I had a meeting yesterday with my friend, George. I wrote a few weeks ago about George and how he is helping me navigate a transition in my life. That transition continues and is making progress.
The Apostle Paul wrote a letter to the followers of Jesus in Rome concerning their faith, lifestyle and transition from one way of life to another. This transition was a key element in all of Paul’s writing. To the Jesus-followers at Corinth he wrote, “…old things have passed away and all things have become new.” To the followers at Ephesus he wrote, “you were once darkness, but now you are light in the Lord. Live as children of light” and “put off, concerning your former conduct, the old man which grows corrupt according to the deceitful lusts, and be renewed in the spirit of your mind, and that you put on the new man which was created according to God, in true righteousness and holiness.” To the believers at Colossae he wrote, “Set your minds on things above, not on earthly things. For you died, and your life is now hidden with Christ in God.”
It seems movement and improvement, in any sense, was the intended destination of a life lived in relationship with God. In the Romans letter mentioned above there is the most obvious (as if they all are not) passage to this end. It is found in chapter twelve. This section of the letter needs to be taken in context. The letter was written, according to historians, and then an amendment was attached. That amendment was later inserted into the body of the letter (chapters nine – eleven.) So, what we have today was originally written as what is chapter eight flowing into what is chapter twelve. In chapter eight, probably the most complete single chapter in the New Testament, Paul concludes by declaring that nothing could separate us from God’s love as we find it in the person, work and commitment of Jesus. Then, his follow-up statement to that dynamic truth is this…

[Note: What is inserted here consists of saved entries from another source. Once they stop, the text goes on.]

(* Let $P$ be a free $\mathbb{Z}_2$-poset, where $\mathbb{Z}_2=\{+1,-1\}$. The compatibility graph $C_P$ is triangle-free if and only if there are no $x,y\in P$ such that $x\preceq y$ and $x\preceq -y$.
   Context: A $\mathbb{Z}_2$-poset is a poset $(P,\preceq)$ with an action of $\mathbb{Z}_2=\{+1,-1\}$ preserving the order ($x\preceq y\Rightarrow -x\preceq -y$); it is free if $-x\neq x$ for all $x$. The compatibility graph $C_P$ of a $G$-poset $P$ is the simple graph with vertex set $P$ in which distinct $x,y$ are adjacent if there is $g\in G\setminus\{e\}$ such that $x$ and $g\cdot y$ are comparable in $P$; for $G=\mathbb{Z}_2$ this means $x$ and $-y$ are comparable. *)

From mathcomp Require Import all_boot all_order.
Set Implicit Arguments. Unset Strict Implicit. Unset Printing Implicit Defensive.
Import Order.TTheory.
Local Open Scope order_scope.

(* A Z_2-action on a poset T is given by the action of the generator -1,
   an involution [neg]; the action of +1 is the identity. *)
Definition Z2_poset_action (d : Order.disp_t) (T : porderType d) (neg : T -> T) : Prop :=
  involutive neg /\ (forall x y : T, x <= y -> neg x <= neg y).

Definition Z2_free (T : Type) (neg : T -> T) : Prop := forall x, neg x <> x.

(* Adjacency in the compatibility graph C_P: x <> y and x is comparable to g.y
   for some g <> e, i.e. (for G = Z_2) to -y. *)
Definition compat_adj (d : Order.disp_t) (T : porderType d) (neg : T -> T) (x y : T) : Prop :=
  x <> y /\ (x >=< neg y).

Definition compat_triangle_free (d : Order.disp_t) (T : porderType d) (neg : T -> T) : Prop :=
  ~ exists x y z : T,
      compat_adj neg x y /\ compat_adj neg y z /\ compat_adj neg x z.

From mathcomp Require Import all_boot all_order.
Import Order.TTheory.
Local Open Scope order_scope.

(* Since [-] is a monotone involution, [a <= -b] is equivalent to [-a <= b],
   so distinct [a], [b] are adjacent in C_P iff [a <= -b] or [b <= -a]: a triangle of
   C_P is a tournament on three vertices for the arcs [a -> b := a <= -b].
   Every such tournament has a path [a -> b -> c], which gives [a <= -b <= c];
   the arc between [a] and [c] then yields either [a <= c] and [a <= -c], or
   [a <= a] and [a <= c <= -a].  Conversely, from [x <= y] and [x <= -y] the
   vertices [x], [y], [-y] form a triangle, distinct because the action is free. *)

Section Z2Poset.

Context {d : Order.disp_t} {T : porderType d} {neg : T -> T}.
Hypothesis negK : involutive neg.
Hypothesis neg_mono : {homo neg : x y / x <= y}.

Lemma le_neg2 (x y : T) : (neg x <= neg y) = (x <= y).
Proof.
by apply/idP/idP => [/neg_mono|/neg_mono //]; rewrite !negK.
Qed.

Lemma le_negr (x y : T) : (x <= neg y) = (neg x <= y).
Proof. by rewrite -le_neg2 negK. Qed.

Lemma comparable_negP (x y : T) : reflect (x <= neg y \/ y <= neg x) (x >=< neg y).
Proof. by rewrite /Order.comparable -(le_neg2 (neg y)) negK; apply: orP. Qed.

Lemma comparable_negC (x y : T) : (x >=< neg y) = (y >=< neg x).
Proof. by apply/comparable_negP/comparable_negP => -[]; auto. Qed.

Lemma le_neg_trans {a b c : T} : a <= neg b -> b <= neg c -> a <= c.
Proof. by move=> ab; rewrite le_negr; apply: le_trans. Qed.

Lemma le_pair_of_neg_path {a b c : T} :
  a <= neg b -> b <= neg c -> a >=< neg c -> exists x y, x <= y /\ x <= neg y.
Proof.
move=> ab bc /comparable_negP[ac | ca]; have a_le_c := le_neg_trans ab bc.
- by exists a, c.
- by exists a, a; split; [exact: lexx | exact: le_trans ca].
Qed.

Lemma le_pair_of_compat_triangle {x y z : T} :
  compat_adj neg x y -> compat_adj neg y z -> compat_adj neg x z ->
  exists u v, u <= v /\ u <= neg v.
Proof.
move=> [_ exy] [_ eyz] [_ exz].
have eyx : y >=< neg x by rewrite comparable_negC.
have ezy : z >=< neg y by rewrite comparable_negC.
have ezx : z >=< neg x by rewrite comparable_negC.
case/comparable_negP: (exy) => [xy | yx].
- case/comparable_negP: (eyz) => [yz | zy]; first exact: le_pair_of_neg_path xy yz exz.
  case/comparable_negP: (exz) => [xz | zx].
  + exact: le_pair_of_neg_path xz zy exy.
  + exact: le_pair_of_neg_path zx xy ezy.
- case/comparable_negP: (eyz) => [yz | zy]; last exact: le_pair_of_neg_path zy yx ezx.
  case/comparable_negP: (exz) => [xz | zx].
  + exact: le_pair_of_neg_path yx xz eyz.
  + exact: le_pair_of_neg_path yz zx eyx.
Qed.

Hypothesis neg_free : forall x : T, neg x <> x.

Lemma nle_neg (x : T) : ~ x <= neg x.
Proof.
move=> x_le_nx; apply: (neg_free x); apply/eqP.
by rewrite eq_le x_le_nx andbT -le_negr.
Qed.

Lemma compat_triangle_of_le_pair {x y : T} : x <= y -> x <= neg y ->
  [/\ compat_adj neg x y, compat_adj neg y (neg y) & compat_adj neg x (neg y)].
Proof.
move=> xy xny; split; split.
- by move=> eq_xy; apply: (nle_neg x); rewrite {2}eq_xy.
- by rewrite /Order.comparable xny.
- by move=> /esym; apply: neg_free.
- by rewrite negK comparablexx.
- by move=> eq_x_ny; apply: (nle_neg (neg y)); rewrite negK -eq_x_ny.
- by rewrite negK /Order.comparable xy.
Qed.

End Z2Poset.

Theorem lemma19 (d : Order.disp_t) (T : porderType d) (neg : T -> T)
  (hact : Z2_poset_action neg) (hfree : Z2_free neg) :
  compat_triangle_free neg <->
  ~ (exists x y : T, x <= y /\ x <= neg y).
Proof.
have [negK neg_mono] := hact.
split.
- move=> tri_free [x [y [xy xny]]]; apply: tri_free.
  have [exy eyny exny] := compat_triangle_of_le_pair negK neg_mono hfree xy xny.
  by exists x, y, (neg y).
- move=> no_pair [x [y [z [exy [eyz exz]]]]]; apply: no_pair.
  exact: (le_pair_of_compat_triangle negK neg_mono exy eyz exz).
Qed.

And so, dear brothers and sisters, I plead with you to give your bodies to God because of all he has done for you. Let them be a living and holy sacrifice—the kind he will find acceptable. This is truly the way to worship him. Don’t copy the behavior and customs of this world, but let God transform you into a new person by changing the way you think. Then you will learn to know God’s will for you, which is good and pleasing and perfect.
The transition is communicated here as transformation, a metamorphosis, as happens to a caterpillar as it cocoons itself and later emerges as a butterfly. A term for this place of transition is the word Chrysalis, which means a protected place of development. The cocoon is God’s mercy and grace working in cooperative choreography in our souls to bring about the transition from what we were/are to what we are becoming/will be.
Eugene Peterson has so wonderfully captured this thought in terms congruent with our life and surroundings as he paraphrases this message of Paul as follows…
So here’s what I want you to do, God helping you: Take your everyday, ordinary life—your sleeping, eating, going-to-work, and walking-around life—and place it before God as an offering. Embracing what God does for you is the best thing you can do for him. Don’t become so well-adjusted to your culture that you fit into it without even thinking. Instead, fix your attention on God. You’ll be changed from the inside out. Readily recognize what he wants from you, and quickly respond to it. Unlike the culture around you, always dragging you down to its level of immaturity, God brings the best out of you, develops well-formed maturity in you.
What begins this process, or better, what initiates our involvement in this process? Usually it is adversity. That is where my friend, George comes back into this picture. Yesterday as we met, he directed my attention to something he had written (initiated by our current drought/water crisis) that was so simple it was powerful. I want to give it to you with proper credit for your meditation today in light of God’s message to our souls and his invitation to transformation.
George’s quote was, “Adversity is an opportunity to improve ourselves.”
I have for too long stayed on the front side of my own Chrysalis. I have now entered that in a new realm of life for one reason. I want to emerge as a human that is a credit to God, His ways and His legacy. I invite you to discover your own way but first embrace, don’t run from, your adversity.
Don’t think this will be the last time you, or I, go into this place and process but without it we will never go forward to the next transformation. So, what’s your problem? Improve!